И воздух показался сладким, полным аромата цветов. Найрин вдохнула его, прекрасно осознавая, что пахнет он дымом, мазями и смертью, волами и кострами, человеческим потом и страхом, но где-то в самой глубине этого запаха ей чудились тихие пушистые сосновые иголки в голубом небе над становищем Сол. И теплые руки Мари, что обнимали и укачивали, твердя одно и то же: «Не бойся никого, никто тебя не обидит. У тебя все получится, ты уже одна из нас!»
Найрин внезапно рассмеялась, чувствуя всю собственную глупость, весь бред, который правил ей долгие-долгие годы. Мари-то была права: ее приняли сразу, сразу же, как только она пришла, в первый же день. Дети начали играть с ней, взрослые относились к ней по-доброму, как и ко всем остальным детям, не выделяя ни в чем. А то, что она не нравилась Лэйк и Торн, было вызвано исключительно тем, что она сама дистанцировала себя ото всех остальных. Найрин успела за эти годы изучить Лэйк слишком хорошо, как и Торн за последние полгода, чтобы чувствовать необыкновенную искренность, присущую им обеим, искренность во всем, что они делали. И вдруг, вот точно так же, со смехом поняла, что единственным препятствием для того, чтобы дружить с ними с самого начала, с самого первого дня, была ее собственная неискренность по отношению к самой себе и к другим. И только ей стоило сделать шаг навстречу Лэйк и Торн, как они сразу же, словно верные псы, прильнули мокрыми носами к ее ладони, давая гладить лобастые головы.
С невероятной скоростью замелькали перед глазами картинки воспоминаний. Их первое испытание, в котором она сделала шаг навстречу Лэйк. Та осторожно принюхивалась к ней, присматривалась, кружила вокруг, пока Найрин не обняла ее, крепко-крепко и очень искренне. И когда обняла – Лэйк сразу же обмякла довольной тряпкой и села рядом, отказавшись уходить куда-либо еще. И с Торн было то же самое: достаточно было одного искреннего взгляда, одного искреннего поцелуя, даже не слова, а поцелуя.
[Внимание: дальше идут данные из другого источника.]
(* Let $F$, $G$, $\pi$, $\Pi$ be as in the context, and let $\Pi_1\colon\Sigma_N\times I\to\Sigma_N$ and $\Pi_1^A\colon\Sigma_A\times I\to\Sigma_A$ be the projections onto the first coordinate. Then $\pi\circ\Pi_1^A=\Pi_1\circ\Pi$. Moreover, if $\lambda_0$ is a Borel probability on $\Sigma_N$, $\lambda$ is a Borel probability on $\Sigma_A$ with $\pi_*\lambda=\lambda_0$, and $\mu$ is an ergodic $G$-invariant probability on $\Sigma_A\times I$ with $(\Pi_1^A)_*\mu=\lambda$, then $\Pi_*\mu$ is an ergodic $F$-invariant probability on $\Sigma_N\times I$ and $(\Pi_1)_*(\Pi_*\mu)=\lambda_0$.
   Context: $I=[0,1]$, $R(x)=1-x$. $F(\xi,p)=(\sigma(\xi),f_{\xi_0}(p))$ on $\Sigma_N\times I$, $\Sigma_N=\{1,\ldots,N\}^{\mathbb Z}$, with $f_i$ $C^1$-diffeomorphisms onto their images. $\mathcal I_P$ / $\mathcal I_R$: indices of orientation preserving / reversing $f_i$. $A=(a_{ij})_{i,j=1}^{2N}$ with $a_{ij}=1$ if ($i\in\mathcal I_P$, $j\le N$), or ($i\in\mathcal I_R$, $j>N$), or ($i-N\in\mathcal I_P$, $j>N$), or ($i-N\in\mathcal I_R$, $j\le N$), else $0$; $\Sigma_A$ the $A$-admissible sequences in $\{1,\ldots,2N\}^{\mathbb Z}$ with shift $\sigma_A$; $\pi(\omega)_n=\overline{\omega_n}$ ($\overline i=i$ for $i\le N$, $\overline i=i-N$ otherwise). $G(\omega,x)=(\sigma_A(\omega),g_{\omega_0}(x))$ with $g_i=f_i$, $g_{i+N}=R\circ f_i\circ R$ ($i\in\mathcal I_P$), $g_i=R\circ f_i$, $g_{i+N}=f_i\circ R$ ($i\in\mathcal I_R$). $C=\{\omega\colon\omega_0\le N\}$; $\Pi(\omega,x)=(\pi(\omega),x)$ if $\omega\in C$, $(\pi(\omega),R(x))$ otherwise. *)

From HB Require Import structures.
From mathcomp Require Import all_boot all_order all_algebra.
From mathcomp Require Import all_classical all_reals all_analysis.

Set Implicit Arguments.
Unset Strict Implicit.
Unset Printing Implicit Defensive.

Import Order.TTheory GRing.Theory Num.Theory.
Import numFieldNormedType.Exports.

Local Open Scope classical_set_scope.
Local Open Scope ring_scope.

(* Alphabets.  N = n.+1 >= 1.  The symbol i : 'I_N stands for the paper's    *)
(* symbol i+1 in {1,...,N}.  The alphabet {1,...,2N} of Sigma_A is encoded  *)
(* as 'I_N + 'I_N : inl i stands for i+1 (<= N), inr i stands for i+1+N.    *)

Definition Alph (n : nat) : Type := 'I_n.+1.
HB.instance Definition _ n := Choice.on (Alph n).
HB.instance Definition _ n := isPointed.Build (Alph n) (@ord0 n).

Definition Alph2 (n : nat) : Type := ('I_n.+1 + 'I_n.+1)%type.
HB.instance Definition _ n := Choice.on (Alph2 n).
HB.instance Definition _ n := isPointed.Build (Alph2 n) (inl (@ord0 n)).

Definition bar (n : nat) (a : Alph2 n) : Alph n :=
  match a with inl i => i | inr i => i end.

(* Full shift spaces S^Z with the Borel sigma-algebra of the product         *)
(* topology (discrete alphabet), i.e. the sigma-algebra generated by the     *)
(* elementary cylinders [x_k = a].                                           *)

Definition cylinders (S : pointedType) : set (set (int -> S)) :=
  [set A | exists (k : int) (a : S), A = [set x | x k = a]].

Definition fullshift (S : pointedType) := g_sigma_algebraType (@cylinders S).

Definition SigmaN (n : nat) := fullshift (Alph n).

Definition shiftN (n : nat) (xi : SigmaN n) : SigmaN n := fun k => xi (k + 1)%R.

Definition Itv01 (R : realType) : Type := {x : R | (0 <= x <= 1)%R}.

HB.instance Definition _ (R : realType) := Choice.on (Itv01 R).

Lemma zero_in01 (R : realType) : (0 <= (0 : R) <= 1)%R.
Proof. by rewrite lexx ler01. Qed.

HB.instance Definition _ (R : realType) :=
  isPointed.Build (Itv01 R) (exist _ 0 (zero_in01 R)).

Definition I01 (R : realType) :=
  g_sigma_algebra_preimageType (fun x : Itv01 R => sval x : R).

Lemma one_minus_in01 (R : realType) (x : I01 R) :
  (0 <= (1 - sval x : R) <= 1)%R.
Proof.
case: x => x /= /andP[x0 x1].
by rewrite subr_ge0 x1 /= lerBlDr lerDl x0.
Qed.

Definition Refl (R : realType) (x : I01 R) : I01 R :=
  exist _ (1 - sval x) (one_minus_in01 x).

Definition C1_diffeo_onto_image (R : realType) (f : I01 R -> I01 R) : Prop :=
  exists g : R -> R,
    (forall x : R, derivable g x 1) /\
    continuous (derive1 g) /\
    (forall x : R, (0 <= x <= 1)%R -> derive1 g x != 0) /\
    (forall x : I01 R, sval (f x) = g (sval x)).

Definition orientation_preserving (R : realType) (f : I01 R -> I01 R) : Prop :=
  forall x y : I01 R, (sval x < sval y)%R -> (sval (f x) < sval (f y))%R.

Definition IP (R : realType) (n : nat) (f : Alph n -> I01 R -> I01 R) :
  Alph n -> bool :=
  fun i => `[< orientation_preserving (f i) >].

Definition Aentry (n : nat) (P : Alph n -> bool) (a b : Alph2 n) : bool :=
  match a, b with
  | inl i, inl _ => P i
  | inl i, inr _ => ~~ P i
  | inr i, inr _ => P i
  | inr i, inl _ => ~~ P i
  end.

Definition admissible (n : nat) (P : Alph n -> bool) (w : int -> Alph2 n) :
  bool := `[< forall k : int, Aentry P (w k) (w (k + 1)%R) >].

Definition SAtype (n : nat) (P : Alph n -> bool) : Type :=
  {w : int -> Alph2 n | admissible P w}.

HB.instance Definition _ n P := Choice.on (@SAtype n P).

Definition SApoint_seq (n : nat) (P : Alph n -> bool) : int -> Alph2 n :=
  if P ord0 then fun _ => inl ord0
  else fun k => if odd (absz k) then inr ord0 else inl ord0.

Lemma odd_absz_succ (k : int) : odd (absz (k + 1)%R) = ~~ odd (absz k).
Proof.
case: k => m.
  by rewrite -PoszD addn1 /=.
rewrite NegzE.
have -> : (- (m.+1)%:Z + 1)%R = - (m%:Z).
  by rewrite -addn1 PoszD opprD addrNK.
by rewrite !abszN /= negbK.
Qed.

Lemma SApoint_adm (n : nat) (P : Alph n -> bool) :
  admissible P (SApoint_seq P).
Proof.
apply/asboolP => k; rewrite /SApoint_seq.
case: ifP => P0 /=; first by rewrite P0.
rewrite odd_absz_succ; case: (odd (absz k)) => /=; by rewrite P0.
Qed.

HB.instance Definition _ n P :=
  isPointed.Build (@SAtype n P) (exist _ (SApoint_seq P) (SApoint_adm P)).

Definition fullshift2 (n : nat) := fullshift (Alph2 n).

Definition SigmaA (n : nat) (P : Alph n -> bool) :=
  g_sigma_algebra_preimageType (fun w : SAtype P => (sval w : fullshift2 n)).

Lemma admissible_shift (n : nat) (P : Alph n -> bool) (w : SigmaA P) :
  admissible P (fun k => sval w (k + 1)%R).
Proof.
case: w => w /= /asboolP aw; apply/asboolP => k; exact: aw.
Qed.

Definition shiftA (n : nat) (P : Alph n -> bool) (w : SigmaA P) : SigmaA P :=
  exist _ (fun k => sval w (k + 1)%R) (admissible_shift w).

Definition piA (n : nat) (P : Alph n -> bool) (w : SigmaA P) : SigmaN n :=
  fun k => bar (sval w k).

Section Maps.
Variables (R : realType) (n : nat) (f : Alph n -> I01 R -> I01 R).

Definition Fmap (z : SigmaN n * I01 R) : SigmaN n * I01 R :=
  (shiftN z.1, f (z.1 0%R) z.2).

Definition gmap (a : Alph2 n) : I01 R -> I01 R :=
  match a with
  | inl i => if IP f i then f i else @Refl R \o f i
  | inr i => if IP f i then @Refl R \o f i \o @Refl R else f i \o @Refl R
  end.

Definition Gmap (z : SigmaA (IP f) * I01 R) : SigmaA (IP f) * I01 R :=
  (shiftA z.1, gmap (sval z.1 0%R) z.2).

Definition inC (w : SigmaA (IP f)) : bool :=
  if sval w 0%R is inl _ then true else false.

Definition PiMap (z : SigmaA (IP f) * I01 R) : SigmaN n * I01 R :=
  if inC z.1 then (piA z.1, z.2) else (piA z.1, @Refl R z.2).

End Maps.

Definition measure_invariant d (T : measurableType d) (R : realType)
  (Tm : T -> T) (mu : set T -> \bar R) : Prop :=
  forall A : set T, measurable A -> mu (Tm @^-1` A) = mu A.

Definition measure_ergodic d (T : measurableType d) (R : realType)
  (Tm : T -> T) (mu : set T -> \bar R) : Prop :=
  forall A : set T, measurable A -> Tm @^-1` A = A ->
    mu A = 0%E \/ mu A = 1%E.

(* Pi is a measurable semiconjugacy from G to F: Pi (G z) = F (Pi z).  The
   second letter w_1 of an admissible word tells whether the fibre coordinate
   of G z is stored reflected, and admissibility of w_0 w_1 makes this agree
   with the orientation of f_(w_0) and the reflection already applied at z.
   Preimages under Pi of F-invariant sets are then G-invariant, so invariance
   and ergodicity pass from mu to Pi_* mu; and Pi commutes with the projections
   to the base, which gives the base marginal. *)

From HB Require Import structures.
From mathcomp Require Import all_boot all_order all_algebra.
From mathcomp Require Import all_classical all_reals all_analysis.
Import Order.TTheory GRing.Theory Num.Theory.
Local Open Scope classical_set_scope.
Local Open Scope ring_scope.

Lemma measurable_preimageT d d' (X : measurableType d) (Y : measurableType d')
    (p : X -> Y) (A : set Y) :
  measurable_fun setT p -> measurable A -> measurable (p @^-1` A).
Proof. by move=> mp mA; rewrite -[_ @^-1` _]setTI; apply: mp. Qed.

Section pushforward_semiconj.
Context d d' (X : measurableType d) (Y : measurableType d') (R : realType).
Variables (g : X -> X) (h : Y -> Y) (p : X -> Y).
Hypotheses (mp : measurable_fun setT p) (pg_hp : p \o g = h \o p).

Lemma preimage_semiconj (A : set Y) :
  g @^-1` (p @^-1` A) = p @^-1` (h @^-1` A).
Proof. by rewrite -comp_preimage pg_hp. Qed.

Lemma pushforward_invariant (mu : set X -> \bar R) :
  measure_invariant g mu -> measure_invariant h (pushforward mu p).
Proof.
move=> mu_inv A mA; rewrite /pushforward -preimage_semiconj mu_inv //.
exact: measurable_preimageT.
Qed.

Lemma pushforward_ergodic (mu : set X -> \bar R) :
  measure_ergodic g mu -> measure_ergodic h (pushforward mu p).
Proof.
move=> mu_erg A mA hA; apply: mu_erg; first exact: measurable_preimageT.
by rewrite preimage_semiconj hA.
Qed.

End pushforward_semiconj.

Lemma eq_pushforward_comp d1 d2 d3 (X : measurableType d1)
    (Y : measurableType d2) (Z : measurableType d3) (R : realType)
    (mu : set X -> \bar R) (nu : set Y -> \bar R) (q : X -> Y) (r : Y -> Z) :
  measurable_fun setT r ->
  (forall B, measurable B -> pushforward mu q B = nu B) ->
  forall A, measurable A -> pushforward mu (r \o q) A = pushforward nu r A.
Proof.
by move=> mr mu_q A mA; rewrite /pushforward -mu_q //; apply: measurable_preimageT.
Qed.

Section preimage_sigma_algebra.
Context d d' (X : measurableType d) (T : pointedType) (T' : measurableType d').
Variable v : T -> T'.

Lemma measurable_preimageType_val :
  measurable_fun setT (v : g_sigma_algebra_preimageType v -> T').
Proof. by move=> _ B mB; exists B. Qed.

Lemma measurable_fun_into_preimageType (q : X -> g_sigma_algebra_preimageType v) :
  measurable_fun setT (v \o q) -> measurable_fun setT q.
Proof. by move=> mvq _ _ [B mB <-]; rewrite setTI -comp_preimage; apply: mvq. Qed.

End preimage_sigma_algebra.

Lemma measurable_cylinder (S : pointedType) (k : int) (a : S) :
  measurable ([set x | x k = a] : set (fullshift S)).
Proof. by apply: sub_sigma_algebra; exists k, a. Qed.

Lemma measurable_fun_into_fullshift d (X : measurableType d) (S : pointedType)
    (q : X -> fullshift S) :
  (forall k a, measurable (q @^-1` [set x | x k = a])) -> measurable_fun setT q.
Proof.
move=> mq; apply: (@measurability _ _ _ _ setT q (@cylinders S)) => //.
by move=> _ [_ [k [a ->]] <-]; rewrite setTI.
Qed.

Lemma measurable_Refl (R : realType) : measurable_fun setT (@Refl R).
Proof.
apply: measurable_fun_into_preimageType.
rewrite (_ : _ \o _ = (fun y : R => 1 - y) \o (fun x : I01 R => sval x)) //.
apply: measurableT_comp; last exact: measurable_preimageType_val.
exact: measurable_realfun.measurable_funB.
Qed.

Definition bar_map (n : nat) (x : fullshift2 n) : SigmaN n := fun k => bar (x k).

Lemma measurable_bar_map (n : nat) : measurable_fun setT (@bar_map n).
Proof.
apply: measurable_fun_into_fullshift => k a.
rewrite (_ : _ @^-1` _ = [set x | x k = inl a] `|` [set x | x k = inr a]).
  by apply: measurableU; apply: measurable_cylinder.
apply/seteqP; split=> x; rewrite /bar_map /=.
  by case: (x k) => i <-; [left|right].
by case=> ->.
Qed.

Lemma measurable_piA (n : nat) (P : Alph n -> bool) : measurable_fun setT (@piA n P).
Proof.
apply: (measurableT_comp (@measurable_bar_map n)).
exact: measurable_preimageType_val.
Qed.

Lemma ReflK (R : realType) : involutive (@Refl R).
Proof. by move=> [x hx]; apply: val_inj => /=; rewrite subKr. Qed.

Section skew_products.
Variables (R : realType) (n : nat) (f : Alph n -> I01 R -> I01 R).

Lemma measurable_inC : measurable_fun setT (@inC R n f).
Proof.
apply: (measurable_fun_bool true); rewrite setTI.
rewrite (_ : _ @^-1` _ = (fun w : SigmaA (IP f) => sval w) @^-1`
                           \bigcup_k [set x | x 0 = inl (inord k)]).
  rewrite -[X in measurable X]setTI; apply: measurable_preimageType_val => //.
  by apply: bigcup_measurable => k _; apply: measurable_cylinder.
apply/seteqP; split=> w; rewrite /inC /=.
  by case E: (sval w 0) => [i|//] _; exists (nat_of_ord i) => //=; rewrite E inord_val.
by case=> k _ ->.
Qed.

Lemma PiMapE (z : SigmaA (IP f) * I01 R) :
  PiMap z = (piA z.1, if inC z.1 then z.2 else Refl z.2).
Proof. by rewrite /PiMap; case: inC. Qed.

Lemma fst_PiMap : piA (P := IP f) \o fst = fst \o @PiMap R n f.
Proof. by apply: funext => z /=; rewrite PiMapE. Qed.

Lemma measurable_PiMap : measurable_fun setT (@PiMap R n f).
Proof.
rewrite (_ : @PiMap R n f = fun z => (piA z.1, if inC z.1 then z.2 else Refl z.2)).
  apply: measurable_fun_pair.
    by apply: measurableT_comp; [exact: measurable_piA | exact: measurable_fst].
  apply: measurable_fun_ifT.
  - by apply: measurableT_comp; [exact: measurable_inC | exact: measurable_fst].
  - exact: measurable_snd.
  - by apply: measurableT_comp; [exact: measurable_Refl | exact: measurable_snd].
by apply: funext => z; rewrite PiMapE.
Qed.

(* Of the eight cases (w_0, w_1, orientation of f_(w_0)), admissibility of w_0 w_1
   discards those where the reflections on both sides would not match. *)
Lemma PiMap_semiconj : @PiMap R n f \o @Gmap R n f = Fmap f \o @PiMap R n f.
Proof.
apply: funext => -[[w w_adm] x]; move/asboolP: (w_adm) => /(_ 0).
rewrite /PiMap /Gmap /Fmap /inC /piA /=.
case w0: (w 0) => [i|i]; case: (w (0 + 1)) => j /=; rewrite /gmap;
  case: (IP f i) => //= _; rewrite ?ReflK ?w0 //.
Qed.

End skew_products.

Theorem lemma3p14 (R : realType) (n : nat)
  (f : Alph n -> I01 R -> I01 R)
  (hf : forall i, C1_diffeo_onto_image (f i)) :
  (piA (P := IP f) \o fst = fst \o @PiMap R n f) /\
  (forall (lambda0 : probability (SigmaN n) R)
          (lambda : probability (SigmaA (IP f)) R)
          (mu : probability (SigmaA (IP f) * I01 R)%type R),
     (forall A, measurable A -> pushforward lambda (@piA n (IP f)) A = lambda0 A) ->
     measure_invariant (@Gmap R n f) mu ->
     measure_ergodic (@Gmap R n f) mu ->
     (forall A, measurable A -> pushforward mu fst A = lambda A) ->
     [/\ measurable_fun setT (@PiMap R n f),
         pushforward mu (@PiMap R n f) setT = 1%E,
         measure_invariant (@Fmap R n f) (pushforward mu (@PiMap R n f)),
         measure_ergodic (@Fmap R n f) (pushforward mu (@PiMap R n f)) &
         (forall A, measurable A ->
            pushforward (pushforward mu (@PiMap R n f)) fst A = lambda0 A)]).
Proof.
(* Only the orientations of the f_i matter. *)
split; first exact: fst_PiMap.
move=> lambda0 lambda mu pi_lambda mu_inv mu_erg fst_mu.
have mPi := @measurable_PiMap R n f.
split=> //.
- by rewrite /pushforward preimage_setT probability_setT.
- exact: pushforward_invariant mPi (@PiMap_semiconj R n f) _ mu_inv.
- exact: pushforward_ergodic mPi (@PiMap_semiconj R n f) _ mu_erg.
- move=> A mA; rewrite -[LHS]/(pushforward mu (fst \o @PiMap R n f) A).
  rewrite -fst_PiMap -pi_lambda //.
  by apply: eq_pushforward_comp mA; [exact: measurable_piA | exact: fst_mu].
Qed.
И все, все барьеры пали, вся ненависть исчезла, и Торн улеглась возле нее, вывалив из пасти алый язык и подставляя загривок под ее тонкие пальцы. И для этого Найрин не нужно было ничего доказывать. Ей вообще не нужно было ничего доказывать ни себе, ни другим. Ей нужно было только немного искренности, и все.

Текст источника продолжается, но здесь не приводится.